The framework has five steps:

  1. Independent fine-tuning per task to identify each task's "core parameter region" (parameters with largest update magnitudes)
  2. Task clustering by core region overlap — tasks sharing similar core regions are grouped for joint training
  3. Parameter transplantation — core parameters from individually fine-tuned models are directly transplanted into a unified backbone
  4. SLERP fusion — non-core parameters are merged via Spherical Linear Interpolation, enabling geometry-aware blending that avoids abrupt transitions
  5. Pipeline SFT with core regions frozen to prevent catastrophic forgetting

The key finding: full multi-task SFT (uniform parameter updates across all tasks) consistently achieves the lowest performance across all tasks and configurations. Even heuristic multi-stage approaches (training tasks in sequence) only partially mitigate interference. CPI-FT consistently outperforms both — revealing that temporal task scheduling alone is insufficient without explicit structural parameter isolation.

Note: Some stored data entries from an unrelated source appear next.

(* Let $(G_1,\precsim_1)$ and $(G_2,\precsim_2)$ be compatible quasi-ordered abelian groups which are elementarily equivalent in the language $\{0,+,-,\precsim\}$. Then the ordered part of $G_1$ is elementarily equivalent to the ordered part of $G_2$, and the valued part of $G_1$ is elementarily equivalent to the valued part of $G_2$ (both in the language $\{0,+,-,\precsim\}$).
   Context: A compatible quasi-ordered abelian group is an abelian group $G$ with a total quasi-order $\precsim$ (reflexive, transitive, any two elements comparable) such that, writing $a\sim b$ for $a\precsim b\wedge b\precsim a$: $(Q_1)$ $x\sim0\Rightarrow x=0$; $(Q_2)$ $x\precsim y\wedge y\not\sim z\Rightarrow x+z\precsim y+z$. With $cl(g)$ the $\sim$-class of $g$, $g$ is o-type if $cl(g)=\{g\}$ and $g$ is not of order $2$; $G^o$, the set of o-type elements, is a subgroup. The ordered part of $G$ is $(G^o,\precsim|_{G^o})$; the valued part is $G/G^o$ with the quasi-order $g+G^o\precsim h+G^o\Leftrightarrow g-h\in G^o\vee(g-h\notin G^o\wedge g\precsim h)$. In the language, $-$ is the unary negation and $\precsim$ is interpreted as the quasi-order. *)

From HB Require Import structures.
From mathcomp Require Import all_boot all_algebra.
Unset Printing Implicit Defensive.
Import GRing.Theory.
Local Open Scope ring_scope.

Inductive term : Type :=
  | tVar : nat -> term
  | tZero : term
  | tAdd : term -> term -> term
  | tNeg : term -> term.

Inductive formula : Type :=
  | fEq  : term -> term -> formula
  | fLe  : term -> term -> formula
  | fFalse : formula
  | fNot : formula -> formula
  | fAnd : formula -> formula -> formula
  | fOr  : formula -> formula -> formula
  | fImp : formula -> formula -> formula
  | fAll : nat -> formula -> formula
  | fEx  : nat -> formula -> formula.

Fixpoint term_has_var (i : nat) (t : term) : bool :=
  match t with
  | tVar j => j == i
  | tZero => false
  | tAdd t1 t2 => term_has_var i t1 || term_has_var i t2
  | tNeg t1 => term_has_var i t1
  end.

Fixpoint free_in (i : nat) (phi : formula) : bool :=
  match phi with
  | fEq t1 t2 | fLe t1 t2 => term_has_var i t1 || term_has_var i t2
  | fFalse => false
  | fNot p => free_in i p
  | fAnd p q | fOr p q | fImp p q => free_in i p || free_in i q
  | fAll j p | fEx j p => (i != j) && free_in i p
  end.

Definition sentence (phi : formula) : Prop := forall i, ~~ free_in i phi.

(* An L-structure, presented on a carrier [carrier] by a domain predicate
   (the universe) and a relation interpreting equality (a congruence).
   An ordinary structure has [dom = True] and [eqv = eq]; a substructure is
   obtained by restricting [dom], a quotient structure by coarsening [eqv]. *)
Record Lstruct := {
  carrier : Type;
  dom : carrier -> Prop;
  eqv : carrier -> carrier -> Prop;
  s_zero : carrier;
  s_add : carrier -> carrier -> carrier;
  s_neg : carrier -> carrier;
  s_le : carrier -> carrier -> Prop
}.

Fixpoint eval_term (M : Lstruct) (e : nat -> carrier M) (t : term) : carrier M :=
  match t with
  | tVar j => e j
  | tZero => s_zero M
  | tAdd t1 t2 => s_add M (eval_term M e t1) (eval_term M e t2)
  | tNeg t1 => s_neg M (eval_term M e t1)
  end.

Definition upd (T : Type) (e : nat -> T) (i : nat) (x : T) : nat -> T :=
  fun j => if j == i then x else e j.

Fixpoint sat (M : Lstruct) (e : nat -> carrier M) (phi : formula) : Prop :=
  match phi with
  | fEq t1 t2 => eqv M (eval_term M e t1) (eval_term M e t2)
  | fLe t1 t2 => s_le M (eval_term M e t1) (eval_term M e t2)
  | fFalse => False
  | fNot p => ~ sat M e p
  | fAnd p q => sat M e p /\ sat M e q
  | fOr p q => sat M e p \/ sat M e q
  | fImp p q => sat M e p -> sat M e q
  | fAll j p => forall x, dom M x -> sat M (upd _ e j x) p
  | fEx j p => exists x, dom M x /\ sat M (upd _ e j x) p
  end.

Definition holds (M : Lstruct) (phi : formula) : Prop :=
  forall e : nat -> carrier M, (forall i, dom M (e i)) -> sat M e phi.

Definition elem_equiv (M N : Lstruct) : Prop :=
  forall phi, sentence phi -> (holds M phi <-> holds N phi).

Section CQOAG.
Variables (G : zmodType) (le : G -> G -> Prop).

Definition qsim (a b : G) : Prop := le a b /\ le b a.

Definition cqoag : Prop :=
  [/\ (forall x, le x x),
      (forall x y z, le x y -> le y z -> le x z),
      (forall x y, le x y \/ le y x),
      (forall x, qsim x 0 -> x = 0) &
      (forall x y z, le x y -> ~ qsim y z -> le (x + z) (y + z))].

Definition order2 (g : G) : Prop := g != 0 /\ g + g = 0.

Definition otype (g : G) : Prop :=
  (forall h, qsim g h <-> h = g) /\ ~ order2 g.

Definition full_struct : Lstruct :=
  {| carrier := G; dom := fun _ => True; eqv := eq;
     s_zero := 0; s_add := +%R; s_neg := -%R; s_le := le |}.

Definition ordered_part : Lstruct :=
  {| carrier := G; dom := otype; eqv := eq;
     s_zero := 0; s_add := +%R; s_neg := -%R; s_le := le |}.

(* valued part G/G^o: quotient structure, represented on G with equality
   interpreted as congruence modulo G^o and with the quasi-order
   g+G^o ≾ h+G^o  <->  g-h ∈ G^o  \/ (g-h ∉ G^o /\ g ≾ h). *)
Definition valued_le (g h : G) : Prop :=
  otype (g - h) \/ (~ otype (g - h) /\ le g h).

Definition valued_part : Lstruct :=
  {| carrier := G; dom := fun _ => True; eqv := fun g h => otype (g - h);
     s_zero := 0; s_add := +%R; s_neg := -%R; s_le := valued_le |}.

End CQOAG.

(* G^o is definable in (G, +, -, 0, ≾) by a formula in one free variable:
   "x ≾ y /\ y ≾ x <-> y = x for all y, and not (x <> 0 /\ x + x = 0)".
   Hence the ordered part is the relativization of G to that formula, and the
   valued part is interpreted in G by reading equality as "x - y is o-type"
   and ≾ through the same formula.  Translating a sentence accordingly
   reduces its truth in either part to the truth of a sentence in G, so
   elementary equivalence of the groups passes to both parts. *)
From mathcomp Require Import all_boot all_algebra.
From Stdlib Require Import Setoid.
Local Open Scope ring_scope.

Fixpoint tbound (t : term) : nat :=
  match t with
  | tVar j => j.+1
  | tZero => 0%N
  | tAdd a b => maxn (tbound a) (tbound b)
  | tNeg a => tbound a
  end.

Fixpoint fbound (p : formula) : nat :=
  match p with
  | fEq a b | fLe a b => maxn (tbound a) (tbound b)
  | fFalse => 0%N
  | fNot q => fbound q
  | fAnd q r | fOr q r | fImp q r => maxn (fbound q) (fbound r)
  | fAll j q | fEx j q => maxn j.+1 (fbound q)
  end.

Lemma term_has_var_bound i t : term_has_var i t -> (i < tbound t)%N.
Proof.
elim: t => [j|//|a IHa b IHb|a IHa] /=.
- by move/eqP=> ->.
- by case/orP=> [/IHa|/IHb]; rewrite leq_max => ->; rewrite ?orbT.
- exact: IHa.
Qed.

Lemma term_hasNvar_bound h t : (tbound t <= h)%N -> ~~ term_has_var h t.
Proof. by move=> tb_h; apply/negP => /term_has_var_bound; rewrite ltnNge tb_h. Qed.

Lemma sentence_free_sub p q :
  (forall i, free_in i q -> free_in i p) -> sentence p -> sentence q.
Proof. by move=> sub_pq p_closed i; apply/negP => /sub_pq; apply/negP. Qed.

Lemma eval_term_ext (M : Lstruct) t (e e' : nat -> carrier M) :
  (forall i, term_has_var i t -> e i = e' i) -> eval_term M e t = eval_term M e' t.
Proof.
elim: t => [j|//|a IHa b IHb|a IHa] /= ee'.
- by apply: ee'; rewrite /= eqxx.
- by rewrite IHa ?IHb // => i i_t; apply: ee'; rewrite i_t ?orbT.
- by rewrite IHa.
Qed.

Lemma sat_ext (M : Lstruct) p (e e' : nat -> carrier M) :
  (forall i, free_in i p -> e i = e' i) -> (sat M e p <-> sat M e' p).
Proof.
elim: p e e' => [a b|a b| |q IH|q IHq r IHr|q IHq r IHr|q IHq r IHr|j q IH|j q IH]
  e e' ee' /=.
- 1-2: by rewrite !(eval_term_ext _ _ e e') // => i i_t; apply: ee'; rewrite /= i_t ?orbT.
- by [].
- by rewrite (IH e e').
- 1-3: by rewrite (IHq e e') ?(IHr e e') // => i i_p; apply: ee'; rewrite /= i_p ?orbT.
- have E x : sat M (upd _ e j x) q <-> sat M (upd _ e' j x) q.
    apply: IH => i i_q; rewrite /upd; case: eqVneq => // ij.
    by apply: ee'; rewrite /= ij.
  by split=> Hq x Dx; apply/E; apply: Hq.
- have E x : sat M (upd _ e j x) q <-> sat M (upd _ e' j x) q.
    apply: IH => i i_q; rewrite /upd; case: eqVneq => // ij.
    by apply: ee'; rewrite /= ij.
  by split=> -[x [Dx Hq]]; exists x; split => //; apply/E.
Qed.

Definition fIff (a b : formula) : formula := fAnd (fImp a b) (fImp b a).

(* The bound variable [h] must not occur in [t]. *)
Definition otype_fml (t : term) (h : nat) : formula := locked (
  fAnd (fAll h (fIff (fAnd (fLe t (tVar h)) (fLe (tVar h) t)) (fEq (tVar h) t)))
       (fNot (fAnd (fNot (fEq t tZero)) (fEq (tAdd t t) tZero)))).

Lemma free_in_otype_fml i t h : free_in i (otype_fml t h) -> term_has_var i t.
Proof.
by rewrite /otype_fml -lock /=; case: eqVneq => [->|_] /=; rewrite !orbF !orbb.
Qed.

Fixpoint relativize_otype (h : nat) (p : formula) : formula :=
  match p with
  | fEq a b => fEq a b
  | fLe a b => fLe a b
  | fFalse => fFalse
  | fNot q => fNot (relativize_otype h q)
  | fAnd q r => fAnd (relativize_otype h q) (relativize_otype h r)
  | fOr q r => fOr (relativize_otype h q) (relativize_otype h r)
  | fImp q r => fImp (relativize_otype h q) (relativize_otype h r)
  | fAll j q => fAll j (fImp (otype_fml (tVar j) h) (relativize_otype h q))
  | fEx j q => fEx j (fAnd (otype_fml (tVar j) h) (relativize_otype h q))
  end.

Definition tSub (a b : term) : term := tAdd a (tNeg b).

Fixpoint valued_interp (h : nat) (p : formula) : formula :=
  match p with
  | fEq a b => otype_fml (tSub a b) h
  | fLe a b => fOr (otype_fml (tSub a b) h)
                   (fAnd (fNot (otype_fml (tSub a b) h)) (fLe a b))
  | fFalse => fFalse
  | fNot q => fNot (valued_interp h q)
  | fAnd q r => fAnd (valued_interp h q) (valued_interp h r)
  | fOr q r => fOr (valued_interp h q) (valued_interp h r)
  | fImp q r => fImp (valued_interp h q) (valued_interp h r)
  | fAll j q => fAll j (valued_interp h q)
  | fEx j q => fEx j (valued_interp h q)
  end.

Lemma free_in_relativize_otype h p i :
  free_in i (relativize_otype h p) -> free_in i p.
Proof.
elim: p => [a b|a b||q IH|q IHq r IHr|q IHq r IHr|q IHq r IHr|j q IH|j q IH] //=.
- 1-3: by case/orP=> [/IHq|/IHr] ->; rewrite ?orbT.
- 1-2: case/andP=> ij /orP[/free_in_otype_fml /=|/IH ->]; last by rewrite ij.
  1-2: by rewrite eq_sym (negbTE ij).
Qed.

Lemma free_in_valued_interp h p i :
  free_in i (valued_interp h p) -> free_in i p.
Proof.
elim: p => [a b|a b||q IH|q IHq r IHr|q IHq r IHr|q IHq r IHr|j q IH|j q IH] //=.
- exact: free_in_otype_fml.
- by case/orP=> [|/orP[|//]] /free_in_otype_fml.
- 1-3: by case/orP=> [/IHq|/IHr] ->; rewrite ?orbT.
- 1-2: by case/andP=> -> /IH.
Qed.

Section Interpretation.
Variables (G : zmodType) (le : G -> G -> Prop).

Local Notation GL := (full_struct G le).

Lemma sat_otype_fml e t h : ~~ term_has_var h t ->
  (sat GL e (otype_fml t h) <-> otype G le (eval_term GL e t)).
Proof.
move=> h_t; rewrite /otype_fml -lock /= /otype /order2 /qsim.
have eval_upd x : eval_term GL (upd _ e h x) t = eval_term GL e t.
  apply: eval_term_ext => i i_t; rewrite /upd; case: eqVneq => // ih.
  by move: h_t; rewrite -ih i_t.
have upd_h x : upd _ e h x h = x by rewrite /upd eqxx.
split=> -[cl_g not2].
- split=> [y|[/eqP g_nz gg0]]; last by apply: not2.
  by have := cl_g y I; rewrite eval_upd upd_h => -[].
- split=> [y _|[g_nz gg0]]; last by apply: not2; split=> //; apply/eqP.
  by rewrite eval_upd upd_h; have [] := cl_g y.
Qed.

Lemma otype_fml_upd e j h x : (j < h)%N ->
  sat GL (upd _ e j x) (otype_fml (tVar j) h) <-> otype G le x.
Proof. by move=> j_h; rewrite sat_otype_fml ?term_hasNvar_bound //= /upd eqxx. Qed.

Lemma eval_term_ordered_part e t :
  eval_term (ordered_part G le) e t = eval_term GL e t.
Proof. by elim: t => //= [a -> b ->|a ->]. Qed.

Lemma eval_term_valued_part e t :
  eval_term (valued_part G le) e t = eval_term GL e t.
Proof. by elim: t => //= [a -> b ->|a ->]. Qed.

Lemma sat_relativize_otype h p : (fbound p <= h)%N ->
  forall e, sat (ordered_part G le) e p <-> sat GL e (relativize_otype h p).
Proof.
elim: p => [a b|a b||q IH|q IHq r IHr|q IHq r IHr|q IHq r IHr|j q IH|j q IH]
  /= p_h e; rewrite ?eval_term_ordered_part //; move: p_h; rewrite ?geq_max.
- by move=> /IH E; rewrite E.
- 1-3: by case/andP=> /IHq Eq /IHr Er; rewrite Eq Er.
- case/andP=> j_h /IH E.
  split=> Hq x Dx.
    by move/(otype_fml_upd _ _ _ _ j_h) => Ox; apply/E/Hq.
  by apply/E/Hq => //; apply/otype_fml_upd.
- case/andP=> j_h /IH E.
  split=> -[x [Dx Hq]]; exists x.
    by split=> //; split; [apply/otype_fml_upd|apply/E].
  by case: Hq => /(otype_fml_upd _ _ _ _ j_h) Ox /E.
Qed.

Lemma sat_valued_interp h p : (fbound p <= h)%N ->
  forall e, sat (valued_part G le) e p <-> sat GL e (valued_interp h p).
Proof.
elim: p => [a b|a b||q IH|q IHq r IHr|q IHq r IHr|q IHq r IHr|j q IH|j q IH]
  /= p_h e; rewrite ?sat_otype_fml ?term_hasNvar_bound //= ?eval_term_valued_part //;
  move: p_h; rewrite ?geq_max.
- by move=> /IH E; rewrite E.
- 1-3: by case/andP=> /IHq Eq /IHr Er; rewrite Eq Er.
- by case/andP=> _ /IH E; split=> Hq x Dx; apply/E; apply: Hq.
- by case/andP=> _ /IH E; split=> -[x [_ /E Hq]]; exists x.
Qed.

Lemma otype0 : cqoag G le -> otype G le 0.
Proof.
case=> le_refl _ _ sim0 _; split; last by rewrite /order2 eqxx; case.
by move=> y; rewrite /qsim; split=> [[le0y ley0]|->]; [apply: sim0|split].
Qed.

(* The ordered part needs an assignment into G^o to evaluate a sentence;
   0 is one by Q1. *)
Lemma holds_ordered_part p : cqoag G le -> sentence p ->
  holds (ordered_part G le) p <-> holds GL (relativize_otype (fbound p) p).
Proof.
move=> qG p_closed; split=> Hp e e_dom; last by apply/sat_relativize_otype/Hp.
have e_0 i : free_in i (relativize_otype (fbound p) p) -> e i = 0.
  by move/free_in_relativize_otype => i_p; move: (p_closed i); rewrite i_p.
apply/(sat_ext _ _ _ _ e_0)/sat_relativize_otype => //.
by apply: Hp => i; apply: otype0.
Qed.

Lemma holds_valued_part p :
  holds (valued_part G le) p <-> holds GL (valued_interp (fbound p) p).
Proof. by split=> Hp e e_dom; apply/sat_valued_interp/Hp. Qed.

End Interpretation.

Lemma elem_equiv_interp (M1 M2 N1 N2 : Lstruct) (tr : formula -> formula) :
  (forall p, sentence p -> sentence (tr p)) ->
  (forall p, sentence p -> holds M1 p <-> holds N1 (tr p)) ->
  (forall p, sentence p -> holds M2 p <-> holds N2 (tr p)) ->
  elem_equiv N1 N2 -> elem_equiv M1 M2.
Proof.
move=> tr_closed tr1 tr2 N12 p p_closed.
by rewrite tr1 // tr2 //; apply: N12; apply: tr_closed.
Qed.

Theorem mainTheorem16 (G1 G2 : zmodType) (le1 : G1 -> G1 -> Prop) (le2 : G2 -> G2 -> Prop) :
  cqoag G1 le1 -> cqoag G2 le2 ->
  elem_equiv (full_struct G1 le1) (full_struct G2 le2) ->
  elem_equiv (ordered_part G1 le1) (ordered_part G2 le2) /\
  elem_equiv (valued_part G1 le1) (valued_part G2 le2).
Proof.
move=> qG1 qG2 G12; split.
- apply: (@elem_equiv_interp _ _ _ _ (fun p => relativize_otype (fbound p) p) _ _ _ G12).
  + by move=> p; apply/sentence_free_sub/free_in_relativize_otype.
  + by move=> p; apply: holds_ordered_part.
  + by move=> p; apply: holds_ordered_part.
- apply: (@elem_equiv_interp _ _ _ _ (fun p => valued_interp (fbound p) p) _ _ _ G12).
  + by move=> p; apply/sentence_free_sub/free_in_valued_interp.
  + by move=> p _; apply: holds_valued_part.
  + by move=> p _; apply: holds_valued_part.
Qed.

This extends the sparse subnetwork finding from RL. Does reinforcement learning update only a small fraction of parameters? showed that RL naturally converges on sparse parameter subsets. CPI-FT shows that SFT exhibits the same structure — task-relevant changes are concentrated in specific regions — and that explicitly identifying and protecting these regions enables better multi-task adaptation.

The connection to catastrophic forgetting in safety alignment is direct: "Can model developers allow users to fine-tune their aligned models on custom datasets while retaining safety?" CPI-FT suggests yes — by freezing the core parameter regions associated with safety alignment during subsequent task-specific fine-tuning.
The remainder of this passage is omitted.